• **Your assignment**
Below is some data. Retype exactly the lines starting at the one with "Lemma psi_block_1 l" and ending at the one with "assert (HdA1 : dA".

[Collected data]
--------
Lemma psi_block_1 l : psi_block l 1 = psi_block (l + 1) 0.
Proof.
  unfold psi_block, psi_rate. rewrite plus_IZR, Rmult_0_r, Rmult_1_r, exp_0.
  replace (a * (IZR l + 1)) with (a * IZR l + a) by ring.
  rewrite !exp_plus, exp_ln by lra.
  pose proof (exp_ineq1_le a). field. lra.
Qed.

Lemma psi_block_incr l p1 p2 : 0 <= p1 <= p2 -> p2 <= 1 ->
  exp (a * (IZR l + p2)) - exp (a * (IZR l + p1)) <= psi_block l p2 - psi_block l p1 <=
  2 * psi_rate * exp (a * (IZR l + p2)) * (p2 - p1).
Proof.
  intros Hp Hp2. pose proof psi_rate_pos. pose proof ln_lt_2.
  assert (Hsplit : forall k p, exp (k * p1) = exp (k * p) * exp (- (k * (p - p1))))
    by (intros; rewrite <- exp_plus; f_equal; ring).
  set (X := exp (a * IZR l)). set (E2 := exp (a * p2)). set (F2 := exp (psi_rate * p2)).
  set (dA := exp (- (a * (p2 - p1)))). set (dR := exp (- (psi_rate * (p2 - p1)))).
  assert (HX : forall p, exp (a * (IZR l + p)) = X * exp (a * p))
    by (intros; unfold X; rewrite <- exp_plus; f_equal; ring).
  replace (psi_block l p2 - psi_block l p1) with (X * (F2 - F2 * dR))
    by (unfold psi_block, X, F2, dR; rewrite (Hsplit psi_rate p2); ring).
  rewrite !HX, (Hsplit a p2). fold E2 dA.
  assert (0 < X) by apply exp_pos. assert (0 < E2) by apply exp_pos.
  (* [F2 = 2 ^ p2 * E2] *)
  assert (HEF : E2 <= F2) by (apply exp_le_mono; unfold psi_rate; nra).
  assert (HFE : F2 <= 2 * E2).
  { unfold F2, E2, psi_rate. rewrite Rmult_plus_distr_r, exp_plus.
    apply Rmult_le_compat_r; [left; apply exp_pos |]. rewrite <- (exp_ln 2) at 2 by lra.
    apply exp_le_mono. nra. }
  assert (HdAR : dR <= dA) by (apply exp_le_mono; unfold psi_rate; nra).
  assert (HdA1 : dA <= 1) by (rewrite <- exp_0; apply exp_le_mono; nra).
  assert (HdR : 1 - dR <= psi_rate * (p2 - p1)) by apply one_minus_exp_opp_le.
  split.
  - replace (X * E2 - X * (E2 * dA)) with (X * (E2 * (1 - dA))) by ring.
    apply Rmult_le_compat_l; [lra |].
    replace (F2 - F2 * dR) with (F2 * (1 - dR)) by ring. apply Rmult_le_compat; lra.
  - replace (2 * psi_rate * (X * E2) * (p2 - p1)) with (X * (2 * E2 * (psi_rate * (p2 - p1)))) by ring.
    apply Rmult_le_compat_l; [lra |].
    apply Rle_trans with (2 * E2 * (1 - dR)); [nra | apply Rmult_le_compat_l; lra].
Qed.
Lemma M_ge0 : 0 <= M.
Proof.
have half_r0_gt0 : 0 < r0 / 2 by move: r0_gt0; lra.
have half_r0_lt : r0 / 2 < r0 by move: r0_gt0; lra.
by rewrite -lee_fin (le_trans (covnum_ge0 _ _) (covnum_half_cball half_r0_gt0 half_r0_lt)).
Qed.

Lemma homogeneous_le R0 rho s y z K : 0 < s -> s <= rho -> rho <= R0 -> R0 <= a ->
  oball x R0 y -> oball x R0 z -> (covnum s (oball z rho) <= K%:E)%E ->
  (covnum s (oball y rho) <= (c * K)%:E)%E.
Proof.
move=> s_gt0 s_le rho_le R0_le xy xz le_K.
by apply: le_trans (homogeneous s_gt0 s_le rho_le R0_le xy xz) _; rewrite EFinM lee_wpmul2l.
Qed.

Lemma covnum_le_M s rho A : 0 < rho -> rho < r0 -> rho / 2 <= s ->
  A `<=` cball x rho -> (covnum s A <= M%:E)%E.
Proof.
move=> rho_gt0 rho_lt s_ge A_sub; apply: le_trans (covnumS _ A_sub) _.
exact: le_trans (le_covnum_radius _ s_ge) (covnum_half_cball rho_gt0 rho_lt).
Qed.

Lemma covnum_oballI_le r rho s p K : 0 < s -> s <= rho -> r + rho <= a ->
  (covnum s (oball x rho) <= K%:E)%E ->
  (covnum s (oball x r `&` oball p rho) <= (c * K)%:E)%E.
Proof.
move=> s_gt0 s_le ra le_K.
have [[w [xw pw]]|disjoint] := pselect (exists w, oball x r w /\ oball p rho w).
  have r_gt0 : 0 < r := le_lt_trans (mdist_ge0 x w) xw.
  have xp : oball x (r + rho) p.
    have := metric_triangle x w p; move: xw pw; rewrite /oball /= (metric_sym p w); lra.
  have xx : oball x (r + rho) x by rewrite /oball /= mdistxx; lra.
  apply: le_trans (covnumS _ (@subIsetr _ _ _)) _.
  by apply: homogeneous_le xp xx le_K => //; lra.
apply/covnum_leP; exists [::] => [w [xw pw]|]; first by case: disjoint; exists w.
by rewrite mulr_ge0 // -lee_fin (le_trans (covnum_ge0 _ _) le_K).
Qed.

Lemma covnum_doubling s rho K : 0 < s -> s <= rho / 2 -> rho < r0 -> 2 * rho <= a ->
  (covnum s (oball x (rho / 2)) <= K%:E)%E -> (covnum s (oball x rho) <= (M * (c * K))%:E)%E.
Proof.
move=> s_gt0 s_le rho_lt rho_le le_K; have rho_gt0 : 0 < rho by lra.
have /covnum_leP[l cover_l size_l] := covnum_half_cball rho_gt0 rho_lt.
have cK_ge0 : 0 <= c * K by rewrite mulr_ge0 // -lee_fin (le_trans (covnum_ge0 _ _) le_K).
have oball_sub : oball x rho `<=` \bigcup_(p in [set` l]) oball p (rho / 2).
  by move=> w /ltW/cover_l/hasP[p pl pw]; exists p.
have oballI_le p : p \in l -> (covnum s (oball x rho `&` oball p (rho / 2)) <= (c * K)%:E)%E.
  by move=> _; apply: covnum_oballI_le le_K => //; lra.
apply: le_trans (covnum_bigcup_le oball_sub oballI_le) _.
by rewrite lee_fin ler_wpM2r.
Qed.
--------
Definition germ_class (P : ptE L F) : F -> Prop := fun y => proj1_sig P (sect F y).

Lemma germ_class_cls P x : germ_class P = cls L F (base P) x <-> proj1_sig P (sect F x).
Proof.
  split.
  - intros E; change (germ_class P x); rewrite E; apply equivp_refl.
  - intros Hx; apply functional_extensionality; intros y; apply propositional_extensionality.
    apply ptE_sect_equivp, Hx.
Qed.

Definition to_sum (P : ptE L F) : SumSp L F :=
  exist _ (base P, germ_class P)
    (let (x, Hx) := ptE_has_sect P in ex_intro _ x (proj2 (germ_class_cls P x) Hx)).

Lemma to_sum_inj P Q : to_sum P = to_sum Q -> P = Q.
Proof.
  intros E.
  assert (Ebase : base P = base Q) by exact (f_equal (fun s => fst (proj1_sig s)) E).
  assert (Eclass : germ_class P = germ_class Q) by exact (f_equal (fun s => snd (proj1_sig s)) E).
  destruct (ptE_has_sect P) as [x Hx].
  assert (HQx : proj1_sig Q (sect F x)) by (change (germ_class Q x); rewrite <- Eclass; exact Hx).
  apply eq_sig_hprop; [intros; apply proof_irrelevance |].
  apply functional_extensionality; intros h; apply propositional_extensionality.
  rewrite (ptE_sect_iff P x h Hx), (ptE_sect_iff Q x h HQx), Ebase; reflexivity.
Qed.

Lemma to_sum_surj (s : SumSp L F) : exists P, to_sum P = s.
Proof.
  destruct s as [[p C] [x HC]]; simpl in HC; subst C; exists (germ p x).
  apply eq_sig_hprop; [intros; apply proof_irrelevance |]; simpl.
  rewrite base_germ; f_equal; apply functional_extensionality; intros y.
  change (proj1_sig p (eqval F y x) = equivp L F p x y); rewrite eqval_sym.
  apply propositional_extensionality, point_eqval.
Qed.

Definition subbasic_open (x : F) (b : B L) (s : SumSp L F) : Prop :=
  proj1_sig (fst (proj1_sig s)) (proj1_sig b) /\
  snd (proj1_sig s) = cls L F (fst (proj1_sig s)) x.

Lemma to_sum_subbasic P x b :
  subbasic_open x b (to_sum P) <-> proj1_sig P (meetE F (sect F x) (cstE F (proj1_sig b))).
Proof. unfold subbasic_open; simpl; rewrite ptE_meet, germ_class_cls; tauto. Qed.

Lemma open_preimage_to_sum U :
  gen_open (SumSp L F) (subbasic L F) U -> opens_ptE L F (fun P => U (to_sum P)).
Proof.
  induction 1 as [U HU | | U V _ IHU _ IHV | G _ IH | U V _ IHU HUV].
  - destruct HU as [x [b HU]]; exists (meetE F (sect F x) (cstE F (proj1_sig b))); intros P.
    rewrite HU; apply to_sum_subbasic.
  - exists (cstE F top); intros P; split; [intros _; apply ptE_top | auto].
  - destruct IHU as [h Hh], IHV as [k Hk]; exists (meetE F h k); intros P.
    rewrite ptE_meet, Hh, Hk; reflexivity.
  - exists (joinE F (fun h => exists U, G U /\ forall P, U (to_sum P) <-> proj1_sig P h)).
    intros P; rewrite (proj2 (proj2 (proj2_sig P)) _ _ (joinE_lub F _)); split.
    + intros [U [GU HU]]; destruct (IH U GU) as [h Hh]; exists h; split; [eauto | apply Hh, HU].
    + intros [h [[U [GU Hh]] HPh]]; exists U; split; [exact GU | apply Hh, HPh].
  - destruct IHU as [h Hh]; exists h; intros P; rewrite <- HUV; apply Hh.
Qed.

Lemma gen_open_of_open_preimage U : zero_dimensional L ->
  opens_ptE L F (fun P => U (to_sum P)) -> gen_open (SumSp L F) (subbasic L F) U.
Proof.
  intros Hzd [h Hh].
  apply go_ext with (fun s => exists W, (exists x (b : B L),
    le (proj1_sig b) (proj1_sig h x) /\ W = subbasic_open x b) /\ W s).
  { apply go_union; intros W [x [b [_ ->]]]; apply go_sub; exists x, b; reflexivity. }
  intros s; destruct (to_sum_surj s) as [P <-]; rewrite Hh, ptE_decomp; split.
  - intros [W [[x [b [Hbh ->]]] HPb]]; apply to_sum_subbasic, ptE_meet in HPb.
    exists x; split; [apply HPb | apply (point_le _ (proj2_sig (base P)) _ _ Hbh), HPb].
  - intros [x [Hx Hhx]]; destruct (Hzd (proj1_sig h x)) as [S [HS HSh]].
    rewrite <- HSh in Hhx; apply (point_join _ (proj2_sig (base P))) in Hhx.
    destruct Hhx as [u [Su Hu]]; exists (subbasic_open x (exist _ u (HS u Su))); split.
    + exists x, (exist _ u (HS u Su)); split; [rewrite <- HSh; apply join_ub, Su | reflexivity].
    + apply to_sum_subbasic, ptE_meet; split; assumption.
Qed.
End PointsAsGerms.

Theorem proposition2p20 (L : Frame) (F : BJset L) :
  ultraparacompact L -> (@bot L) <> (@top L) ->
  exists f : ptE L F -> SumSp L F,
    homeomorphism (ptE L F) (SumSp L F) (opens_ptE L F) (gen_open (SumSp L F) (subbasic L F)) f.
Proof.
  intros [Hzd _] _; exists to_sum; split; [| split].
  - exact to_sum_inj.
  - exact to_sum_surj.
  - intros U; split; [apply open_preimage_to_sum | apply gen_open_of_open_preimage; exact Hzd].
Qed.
--------
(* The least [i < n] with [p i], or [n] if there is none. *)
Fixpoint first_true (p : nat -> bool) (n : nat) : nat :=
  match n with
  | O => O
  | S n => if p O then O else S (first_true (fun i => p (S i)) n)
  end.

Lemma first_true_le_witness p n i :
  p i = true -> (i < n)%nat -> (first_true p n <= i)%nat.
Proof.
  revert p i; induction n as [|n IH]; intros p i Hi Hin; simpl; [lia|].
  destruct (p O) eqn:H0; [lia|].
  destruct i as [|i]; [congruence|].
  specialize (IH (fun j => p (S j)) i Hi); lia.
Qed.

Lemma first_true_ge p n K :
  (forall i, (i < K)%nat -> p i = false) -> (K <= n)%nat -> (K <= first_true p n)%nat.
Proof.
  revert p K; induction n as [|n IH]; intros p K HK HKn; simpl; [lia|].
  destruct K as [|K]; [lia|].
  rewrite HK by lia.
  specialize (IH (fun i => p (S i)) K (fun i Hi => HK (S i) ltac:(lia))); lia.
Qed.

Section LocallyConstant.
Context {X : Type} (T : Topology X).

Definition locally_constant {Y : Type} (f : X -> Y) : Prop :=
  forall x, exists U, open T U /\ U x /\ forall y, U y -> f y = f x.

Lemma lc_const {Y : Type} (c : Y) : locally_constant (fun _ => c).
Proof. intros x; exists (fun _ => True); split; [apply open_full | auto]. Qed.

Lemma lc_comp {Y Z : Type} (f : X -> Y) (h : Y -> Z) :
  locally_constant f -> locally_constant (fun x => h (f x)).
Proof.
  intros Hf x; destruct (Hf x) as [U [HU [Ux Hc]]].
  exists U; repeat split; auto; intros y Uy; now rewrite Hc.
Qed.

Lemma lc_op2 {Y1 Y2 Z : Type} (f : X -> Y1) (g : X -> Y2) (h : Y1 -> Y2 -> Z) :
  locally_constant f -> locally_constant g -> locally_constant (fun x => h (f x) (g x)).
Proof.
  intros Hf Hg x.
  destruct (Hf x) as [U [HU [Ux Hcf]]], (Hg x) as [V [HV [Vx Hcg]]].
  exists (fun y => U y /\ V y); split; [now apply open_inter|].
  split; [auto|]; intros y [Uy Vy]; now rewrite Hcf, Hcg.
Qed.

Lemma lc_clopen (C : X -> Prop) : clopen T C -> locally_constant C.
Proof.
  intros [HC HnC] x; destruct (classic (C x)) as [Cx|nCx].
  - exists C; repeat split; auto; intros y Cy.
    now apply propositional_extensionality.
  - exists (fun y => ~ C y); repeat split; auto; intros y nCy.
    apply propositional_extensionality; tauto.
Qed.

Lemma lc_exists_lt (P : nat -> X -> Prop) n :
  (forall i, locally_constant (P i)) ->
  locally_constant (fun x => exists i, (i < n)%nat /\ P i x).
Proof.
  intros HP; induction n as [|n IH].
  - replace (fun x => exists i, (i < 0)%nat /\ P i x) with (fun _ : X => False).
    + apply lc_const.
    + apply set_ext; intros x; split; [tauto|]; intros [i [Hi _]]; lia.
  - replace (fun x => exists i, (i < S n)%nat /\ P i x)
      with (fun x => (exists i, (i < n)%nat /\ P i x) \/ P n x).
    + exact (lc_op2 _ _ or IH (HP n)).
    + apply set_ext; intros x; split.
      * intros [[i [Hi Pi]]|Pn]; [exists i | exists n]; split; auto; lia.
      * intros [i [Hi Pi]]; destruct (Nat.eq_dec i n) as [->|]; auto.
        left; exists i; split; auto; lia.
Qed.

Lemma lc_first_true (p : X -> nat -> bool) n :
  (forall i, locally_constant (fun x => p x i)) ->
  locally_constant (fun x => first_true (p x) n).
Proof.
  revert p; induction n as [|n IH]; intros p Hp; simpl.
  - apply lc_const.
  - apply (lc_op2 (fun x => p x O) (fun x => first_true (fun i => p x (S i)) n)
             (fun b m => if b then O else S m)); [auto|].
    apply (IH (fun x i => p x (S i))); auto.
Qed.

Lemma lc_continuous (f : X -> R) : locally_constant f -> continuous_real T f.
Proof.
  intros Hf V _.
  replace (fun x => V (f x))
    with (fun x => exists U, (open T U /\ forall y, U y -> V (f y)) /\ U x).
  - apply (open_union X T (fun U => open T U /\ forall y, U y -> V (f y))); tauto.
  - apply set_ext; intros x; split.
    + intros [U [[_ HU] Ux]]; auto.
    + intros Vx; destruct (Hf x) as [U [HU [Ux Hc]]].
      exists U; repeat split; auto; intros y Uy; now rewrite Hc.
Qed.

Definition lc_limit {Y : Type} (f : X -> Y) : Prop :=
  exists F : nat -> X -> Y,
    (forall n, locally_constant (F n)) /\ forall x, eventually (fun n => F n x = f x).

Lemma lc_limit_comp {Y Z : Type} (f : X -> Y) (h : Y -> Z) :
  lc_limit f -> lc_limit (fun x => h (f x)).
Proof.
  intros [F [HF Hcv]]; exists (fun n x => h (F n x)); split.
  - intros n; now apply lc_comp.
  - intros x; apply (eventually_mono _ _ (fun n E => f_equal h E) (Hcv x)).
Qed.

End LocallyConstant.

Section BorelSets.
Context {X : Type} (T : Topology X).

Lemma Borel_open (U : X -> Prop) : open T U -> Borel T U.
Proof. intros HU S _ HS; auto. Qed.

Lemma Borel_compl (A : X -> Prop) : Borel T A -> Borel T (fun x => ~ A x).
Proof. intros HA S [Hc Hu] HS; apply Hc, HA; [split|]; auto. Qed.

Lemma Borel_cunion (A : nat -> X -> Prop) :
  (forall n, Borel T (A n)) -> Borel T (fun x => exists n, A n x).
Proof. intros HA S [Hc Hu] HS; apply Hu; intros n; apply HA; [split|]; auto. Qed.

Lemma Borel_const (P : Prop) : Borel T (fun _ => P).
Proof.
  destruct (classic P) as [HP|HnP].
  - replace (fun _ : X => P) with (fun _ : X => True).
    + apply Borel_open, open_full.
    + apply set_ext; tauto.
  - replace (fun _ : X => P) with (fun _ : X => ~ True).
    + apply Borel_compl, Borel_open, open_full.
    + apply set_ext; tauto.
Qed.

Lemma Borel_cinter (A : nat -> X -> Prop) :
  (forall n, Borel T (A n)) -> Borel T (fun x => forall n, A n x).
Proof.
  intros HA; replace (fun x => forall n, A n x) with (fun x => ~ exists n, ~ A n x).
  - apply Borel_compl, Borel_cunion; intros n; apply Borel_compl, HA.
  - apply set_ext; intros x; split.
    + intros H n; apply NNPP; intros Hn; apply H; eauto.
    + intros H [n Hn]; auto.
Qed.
--------
• **Exercise response**
Lemma psi_block_1 l : psi_block l 1 = psi_block (l + 1) 0.
Proof.
  unfold psi_block, psi_rate. rewrite plus_IZR, Rmult_0_r, Rmult_1_r, exp_0.
  replace (a * (IZR l + 1)) with (a * IZR l + a) by ring.
  rewrite !exp_plus, exp_ln by lra.
  pose proof (exp_ineq1_le a). field. lra.
Qed.

Lemma psi_block_incr l p1 p2 : 0 <= p1 <= p2 -> p2 <= 1 ->
  exp (a * (IZR l + p2)) - exp (a * (IZR l + p1)) <= psi_block l p2 - psi_block l p1 <=
  2 * psi_rate * exp (a * (IZR l + p2)) * (p2 - p1).
Proof.
  intros Hp Hp2. pose proof psi_rate_pos. pose proof ln_lt_2.
  assert (Hsplit : forall k p, exp (k * p1) = exp (k * p) * exp (- (k * (p - p1))))
    by (intros; rewrite <- exp_plus; f_equal; ring).
  set (X := exp (a * IZR l)). set (E2 := exp (a * p2)). set (F2 := exp (psi_rate * p2)).
  set (dA := exp (- (a * (p2 - p1)))). set (dR := exp (- (psi_rate * (p2 - p1)))).
  assert (HX : forall p, exp (a * (IZR l + p)) = X * exp (a * p))
    by (intros; unfold X; rewrite <- exp_plus; f_equal; ring).
  replace (psi_block l p2 - psi_block l p1) with (X * (F2 - F2 * dR))
    by (unfold psi_block, X, F2, dR; rewrite (Hsplit psi_rate p2); ring).
  rewrite !HX, (Hsplit a p2). fold E2 dA.
  assert (0 < X) by apply exp_pos. assert (0 < E2) by apply exp_pos.
  (* [F2 = 2 ^ p2 * E2] *)
  assert (HEF : E2 <= F2) by (apply exp_le_mono; unfold psi_rate; nra).
  assert (HFE : F2 <= 2 * E2).
  { unfold F2, E2, psi_rate. rewrite Rmult_plus_distr_r, exp_plus.
    apply Rmult_le_compat_r; [left; apply exp_pos |]. rewrite <- (exp_ln 2) at 2 by lra.
    apply exp_le_mono. nra. }
  assert (HdAR : dR <= dA) by (apply exp_le_mono; unfold psi_rate; nra).
  assert (HdA1 : dA <= 1) by (rewrite <- exp_0; apply exp_le_mono; nra).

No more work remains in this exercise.